Given records:
•••
(* Let $a^{\mathrm o}_{\ell,m}$, $m=-\ell,\dots,\ell$, $\ell\ge0$, be the Fourier coefficients of a (realization of a) field $T^{\mathrm o}\in L_2(\mathbb{S}^2)$, i.e. $T^{\mathrm o}=\sum_{\ell\ge0}\sum_{m=-\ell}^{\ell}a^{\mathrm o}_{\ell,m}Y_{\ell,m}$. Let $(\beta_\ell)_{\ell\ge0}$ be a sequence of positive numbers and $\lambda>0$. Consider the problem \[ \min_{\mathbf a}\ \tfrac12\sum_{\ell=0}^\infty\sum_{m=-\ell}^{\ell}|a_{\ell,m}-a^{\mathrm o}_{\ell,m}|^2+\lambda\sum_{\ell=0}^\infty\beta_\ell\Big(\sum_{m=-\ell}^{\ell}|a_{\ell,m}|^2\Big)^{1/2} \] over complex sequences $\mathbf a=(a_{\ell,m})$. Write $A^{\mathrm o}_\ell:=\big(\sum_{m=-\ell}^{\ell}|a^{\mathrm o}_{\ell,m}|^2\big)^{1/2}$. Then the solution is the field $T^{\mathrm r}=\sum_{\ell=0}^\infty\sum_{m=-\ell}^{\ell}a^{\mathrm r}_{\ell,m}Y_{\ell,m}$ (in the $L_2(\Omega\times\mathbb{S}^2)$ sense when $T^{\mathrm o}$ is a random field) with, for $m=-\ell,\dots,\ell$, $\ell\ge0$, \[ a^{\mathrm r}_{\ell,m}=\begin{cases}\Big(1-\dfrac{\lambda\beta_\ell}{A^{\mathrm o}_\ell}\Big)a^{\mathrm o}_{\ell,m}, & A^{\mathrm o}_\ell>\lambda\beta_\ell,\\ 0, & A^{\mathrm o}_\ell\le\lambda\beta_\ell,\end{cases} \qquad A^{\mathrm r}_\ell:=\Big(\sum_{m=-\ell}^{\ell}|a^{\mathrm r}_{\ell,m}|^2\Big)^{1/2}=\begin{cases}\Big(1-\dfrac{\lambda\beta_\ell}{A^{\mathrm o}_\ell}\Big)A^{\mathrm o}_\ell, & A^{\mathrm o}_\ell>\lambda\beta_\ell,\\ 0, & A^{\mathrm o}_\ell\le\lambda\beta_\ell.\end{cases} \]
   Context: $\mathbb{S}^2$ is the unit sphere in $\mathbb{R}^3$ with surface measure $\sigma$, $\sigma(\mathbb{S}^2)=4\pi$; $\{Y_{\ell,m}\}$ is the standard complex orthonormal basis of spherical harmonics of $L_2(\mathbb{S}^2)$, and the Fourier coefficients are $a^{\mathrm o}_{\ell,m}=\int_{\mathbb{S}^2}T^{\mathrm o}\overline{Y_{\ell,m}}\,d\sigma$. When $T^{\mathrm o}$ is a random field on a probability space $(\Omega,\mathcal F,\mathbb P)$, the problem is solved realization-wise and $L_2(\Omega\times\mathbb{S}^2)$ is the $L_2$ space for the product measure $\mathbb P\otimes\sigma$. *)

From HB Require Import structures.
From mathcomp Require Import all_boot all_order all_algebra.
From mathcomp Require Import all_classical all_reals all_analysis.
From mathcomp Require Import complex.
Set Implicit Arguments. Unset Strict Implicit. Unset Printing Implicit Defensive.
Import Order.TTheory GRing.Theory Num.Theory.
Local Open Scope ring_scope.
•••
Task: Reproduce the whole listing, exactly.

Solved exercise:
(* Let $a^{\mathrm o}_{\ell,m}$, $m=-\ell,\dots,\ell$, $\ell\ge0$, be the Fourier coefficients of a (realization of a) field $T^{\mathrm o}\in L_2(\mathbb{S}^2)$, i.e. $T^{\mathrm o}=\sum_{\ell\ge0}\sum_{m=-\ell}^{\ell}a^{\mathrm o}_{\ell,m}Y_{\ell,m}$. Let $(\beta_\ell)_{\ell\ge0}$ be a sequence of positive numbers and $\lambda>0$. Consider the problem \[ \min_{\mathbf a}\ \tfrac12\sum_{\ell=0}^\infty\sum_{m=-\ell}^{\ell}|a_{\ell,m}-a^{\mathrm o}_{\ell,m}|^2+\lambda\sum_{\ell=0}^\infty\beta_\ell\Big(\sum_{m=-\ell}^{\ell}|a_{\ell,m}|^2\Big)^{1/2} \] over complex sequences $\mathbf a=(a_{\ell,m})$. Write $A^{\mathrm o}_\ell:=\big(\sum_{m=-\ell}^{\ell}|a^{\mathrm o}_{\ell,m}|^2\big)^{1/2}$. Then the solution is the field $T^{\mathrm r}=\sum_{\ell=0}^\infty\sum_{m=-\ell}^{\ell}a^{\mathrm r}_{\ell,m}Y_{\ell,m}$ (in the $L_2(\Omega\times\mathbb{S}^2)$ sense when $T^{\mathrm o}$ is a random field) with, for $m=-\ell,\dots,\ell$, $\ell\ge0$, \[ a^{\mathrm r}_{\ell,m}=\begin{cases}\Big(1-\dfrac{\lambda\beta_\ell}{A^{\mathrm o}_\ell}\Big)a^{\mathrm o}_{\ell,m}, & A^{\mathrm o}_\ell>\lambda\beta_\ell,\\ 0, & A^{\mathrm o}_\ell\le\lambda\beta_\ell,\end{cases} \qquad A^{\mathrm r}_\ell:=\Big(\sum_{m=-\ell}^{\ell}|a^{\mathrm r}_{\ell,m}|^2\Big)^{1/2}=\begin{cases}\Big(1-\dfrac{\lambda\beta_\ell}{A^{\mathrm o}_\ell}\Big)A^{\mathrm o}_\ell, & A^{\mathrm o}_\ell>\lambda\beta_\ell,\\ 0, & A^{\mathrm o}_\ell\le\lambda\beta_\ell.\end{cases} \]
   Context: $\mathbb{S}^2$ is the unit sphere in $\mathbb{R}^3$ with surface measure $\sigma$, $\sigma(\mathbb{S}^2)=4\pi$; $\{Y_{\ell,m}\}$ is the standard complex orthonormal basis of spherical harmonics of $L_2(\mathbb{S}^2)$, and the Fourier coefficients are $a^{\mathrm o}_{\ell,m}=\int_{\mathbb{S}^2}T^{\mathrm o}\overline{Y_{\ell,m}}\,d\sigma$. When $T^{\mathrm o}$ is a random field on a probability space $(\Omega,\mathcal F,\mathbb P)$, the problem is solved realization-wise and $L_2(\Omega\times\mathbb{S}^2)$ is the $L_2$ space for the product measure $\mathbb P\otimes\sigma$. *)

From HB Require Import structures.
From mathcomp Require Import all_boot all_order all_algebra.
From mathcomp Require Import all_classical all_reals all_analysis.
From mathcomp Require Import complex.
Set Implicit Arguments. Unset Strict Implicit. Unset Printing Implicit Defensive.
Import Order.TTheory GRing.Theory Num.Theory.
Local Open Scope ring_scope.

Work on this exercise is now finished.